Updated - November 26, 2021 10:23 pm IST

Published - October 24, 2015 12:13 am IST

Reserve Bank of India Governor Raghuram Rajan, known for his forthright and plain-speaking manner, has once again > trained his guns on the International Monetary Fund — where he once served as Chief Economist. The world’s premier multilateral lending institution, he said, had failed to fulfil its role in ensuring that national monetary policies did not end up hurting the global economy as a whole. Speaking at a preparatory meeting of a think-tank contributing ideas for the G-20 meeting in Turkey next month, Dr. Rajan reiterated a charge he had laid against the Fund in a speech in May to the Economic Club of New York: the IMF, he said, had been sitting on the sidelines and applauding unconventional and extreme policies initiated by central banks in the industrialised countries. These policies of quantitative easing, combined with the exchange-rate interventions pursued by some emerging market economies in the early-2000s, had created problems for others with large negative spill-over effects by pushing capital from one shore to another. With national central banks unlikely to consider the impact of their policy actions beyond the respective domestic economies — at best they would consider the second-level consequences on major trading partners — the Fund ought to have evaluated the implications from a global perspective, according to Dr. Rajan. That talks at the IMF’s latest meeting in Lima have flagged a potential emerging market crisis is vindication enough for the Indian central bank chief that the policies to tackle the earlier situations including the sub-prime and European crises have only ended up moving the predicament from one country to another, or from one region to another. The way to get out of this regime of rolling crises, as he termed it, would lie in concerted global action.

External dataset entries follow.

Lemma al_decomp m m' pi : is_alignment (S m) (S m') pi ->
  (exists pi', pi = shift 1 0 pi' /\ is_alignment m (S m') pi') \/
  (exists pi', pi = shift 0 1 pi' /\ is_alignment (S m) m' pi') \/
  (exists pi', pi = (0, 0)%nat :: shift 1 1 pi' /\ is_alignment m m' pi').
Proof.
  intros Hpi; destruct pi as [|[i j] rho].
  { left; exists []; split; [reflexivity | apply al_nil]. }
  pose proof Hpi as [H1 [H2 H3]]; simpl in H1, H2.
  apply incr_Forall in H1, H2; rewrite Forall_map in H1, H2.
  destruct i as [|i]; [destruct j as [|j]|].
  - right; right.
    assert (Hrho : is_alignment (1 + m) (1 + m') rho).
    { destruct Hpi as [G1 [G2 G3]]; simpl in G1, G2.
      repeat split; [exact (incr_tail _ _ G1) | exact (incr_tail _ _ G2) | inversion G3; auto]. }
    destruct (al_unshift 1 1 m m' rho Hrho) as [E Hal].
    { rewrite Forall_forall in *; intros q Hq; split; [apply H1 | apply H2]; auto. }
    exists (unshift 1 1 rho); split; [rewrite <- E|]; auto.
  - right; left. destruct (al_unshift 0 1 (S m) m' _ Hpi) as [E Hal].
    { constructor; [simpl; lia|]; rewrite Forall_forall in *.
      intros q Hq; specialize (H2 q Hq); simpl in *; lia. }
    exists (unshift 0 1 ((0%nat, S j) :: rho)); auto.
  - left. destruct (al_unshift 1 0 m (S m') _ Hpi) as [E Hal].
    { constructor; [simpl; lia|]; rewrite Forall_forall in *.
      intros q Hq; specialize (H1 q Hq); simpl in *; lia. }
    exists (unshift 1 0 ((S i, j) :: rho)); auto.
Qed.
Lemma conflict_free_online_color k : k <= size s ->
  conflict_free rel (take k s) (online_color gamma g s k).
Proof.
move=> le_k q has_q.
have mem_k o := mem_take_index o le_k.
pose at_level j := has (fun o => rel q o && (level g s k o == j)) (take k s).
have ex_level : exists j, at_level j.
  case/hasP: has_q => o ko rel_o; exists (level g s k o).
  by rewrite /at_level; apply/hasP; exists o; rewrite ?rel_o ?eqxx.
have level_le j : at_level j -> j <= k.
  move=> /hasP [o]; rewrite mem_k => /andP [so lt_k] /andP [_ /eqP <-].
  exact/ltnW/(promotion_time_gt (promotion_time_level g so lt_k)).
case: (ex_maxnP ex_level level_le) => j /hasP [p].
rewrite mem_k => /andP [sp lt_p] /andP [rel_p /eqP lev_p] max_j.
set B := block_of s j p.
have pB : p \in B by apply: mem_block_of.
have unimax_B : unimax rel B (g B).
  by apply: g_unimax; [apply: block_uniq | apply: block_all].
have [|m /andP [mB rel_m] top_m] := unimax_B q.
  by apply/hasP; exists p.
have sm : m \in s := block_subset mB.
have lt_m : index m s < k.
  by apply: (index_lt_level_block (g := g) us sp lt_p); rewrite lev_p.
have lev_m : level g s k m = j.
  apply/eqP; rewrite eqn_leq max_j /=; last first.
    by rewrite /at_level; apply/hasP; exists m; rewrite ?mem_k ?sm ?lt_m ?rel_m ?eqxx.
  have [->|neq_mp] := eqVneq m p; first by rewrite lev_p.
  rewrite -lev_p (level_ge_precedes (g := g) us) // lev_p // /precedes.
  by rewrite top_m // eq_sym.
exists m; first by rewrite mem_k sm lt_m rel_m.
move=> o; rewrite mem_k => /andP [so lt_o] rel_o neq_om; apply/eqP => eq_c.
have [_] := online_color_eq g_colors us Fs le_k sm lt_m so lt_o eq_c.
have eq_Bm : block_of s (level g s k m) m = B.
  by rewrite lev_m /B /block_of (block_idP us mB).
by rewrite eq_Bm => oB eq_g; have := top_m o oB rel_o neq_om; rewrite eq_g ltnn.
Qed.
(* Let $a_n$ be the number of $n$-multisets of $[n]$ with no consecutive integers. Then \[\sum_{n\geq 1} a_n z^n \;=\; \frac{1-3z-\sqrt{1-2z-3z^2}}{6z-2}.\]
   Context: An $n$-multiset of $[n]=\{1,\dots,n\}$ is identified with the non-decreasing sequence $\pi_1\leq\pi_2\leq\cdots\leq\pi_n$ of its elements (elements may repeat). It has no consecutive integers if $\pi_{i+1}\neq\pi_i+1$ for all $i\in[n-1]$. *)

From mathcomp Require Import all_boot.

(* An n-multiset of [n] = {1,...,n} is identified with its non-decreasing
   sequence pi_1 <= ... <= pi_n of elements of [n].  We encode an element
   i : 'I_n as the integer i.+1, so values range exactly over {1,...,n}. *)
Definition multiset_seq (n : nat) (t : n.-tuple 'I_n) : seq nat :=
  map (fun i : 'I_n => (nat_of_ord i).+1) t.

Definition is_multiset_seq (s : seq nat) : bool := sorted leq s.

Definition no_consecutive (s : seq nat) : bool :=
  sorted (fun x y => y != x.+1) s.

Definition a (n : nat) : nat :=
  #|[pred t : n.-tuple 'I_n |
      is_multiset_seq (multiset_seq n t) && no_consecutive (multiset_seq n t)]|.

From mathcomp Require Import all_boot zify ring.
Set Implicit Arguments. Unset Strict Implicit.

(* A non-decreasing sequence without consecutive values, read from the left,
   either repeats its last value or jumps up by at least 2.  Counting such
   paths gives a_(n+1) = b_n := sum_i C(n,i) C(n+1-i,i+1).  A Zeilberger
   certificate yields (n+3) b_(n+2) = 2(n+3) b_(n+1) + 3(n+1) b_n, which says
   that y = 1 + 2 z B, where B = sum_n b_n z^n, solves (1-2z-3z^2) y' = 2y.
   Then y^2 solves (1-2z-3z^2) (y^2)' = 4 y^2, so y^2 = (1+z)/(1-3z), i.e.
   B + z B^2 = 1/(1-3z).  Solving this quadratic for z B, with the root that
   vanishes at z = 0, gives the formula. *)

Definition nc_step (x y : nat) : bool := (x <= y) && (y != x.+1).

Definition nc_paths l m x :=
  #|[pred t : l.-tuple 'I_m | path nc_step x (map (@nat_of_ord m) t)]|.

(* [nc_paths l m x] for [k] values above [x]: [i] of the [l] steps are jumps
   of size at least 2, of total size at most [k]. *)
Definition nc_count l k := \sum_(0 <= i < l.+1) 'C(l, i) * 'C(k - i, i).

Definition bterm n i := 'C(n, i) * 'C(n.+1 - i, i.+1).

Definition b n := \sum_(0 <= i < n.+1) bterm n i.

Lemma sum_bin_sub K i : \sum_(0 <= j < K) 'C(j - i, i) = 'C(K - i, i.+1).
Proof.
elim: K => [|K IH]; first by rewrite big_geq // sub0n bin0n.
rewrite big_nat_recr //= IH.
case: (leqP i K) => h.
  by rewrite (_ : K.+1 - i = (K - i).+1) ?binS 1?addnC //; lia.
rewrite (_ : K - i = 0) 1?(_ : K.+1 - i = 0) ?bin0n; lia.
Qed.

Lemma nc_countS l k : nc_count l.+1 k = nc_count l k + \sum_(0 <= j < k.-1) nc_count l j.
Proof.
have -> : \sum_(0 <= j < k.-1) nc_count l j =
          \sum_(0 <= i < l.+1) 'C(l, i) * 'C(k - i.+1, i.+1).
  rewrite /nc_count exchange_big_nat /=; apply: eq_big_nat => i _.
  by rewrite -big_distrr /= sum_bin_sub; congr (_ * 'C(_, _)); lia.
rewrite /nc_count big_nat_recl // [X in _ = X + _]big_nat_recl //.
rewrite !bin0 !mul1n -addnA; congr (_ + _).
under eq_big_nat => i _ do rewrite binS mulnDl.
rewrite big_split /=; congr (_ + _).
by rewrite big_nat_recr //= bin_small // mul0n addn0.
Qed.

For the economist-turned-central banker, widely credited with having predicted the 2008 financial crisis, the concern about the lack of a global policy consensus is born of a very real predicament. Having just > cut the benchmark interest rate by a higher-than-expected 50 basis points with the aim of providing a monetary fillip to domestic demand, Dr. Rajan is well aware that a resurgence of inflationary pressures amid distinct signs of a drought across several key States could leave the RBI facing the spectre of tepid economic growth and accelerating price gains. And with > persisting uncertainty over when the U.S. Federal Reserve would start normalisation of interest rates, the outlook for the global economy remains hazy. The world having strayed into competitive easing willy-nilly, the need of the hour, according to Dr. Rajan, is a political consensus to go beyond domestic mandates and evolve optimal policies that help create global economic growth. Whether the G-20 leaders would pursue Dr. Rajan’s call and push for more concerted and wider political action on this front, given the common imperatives, remains to be seen.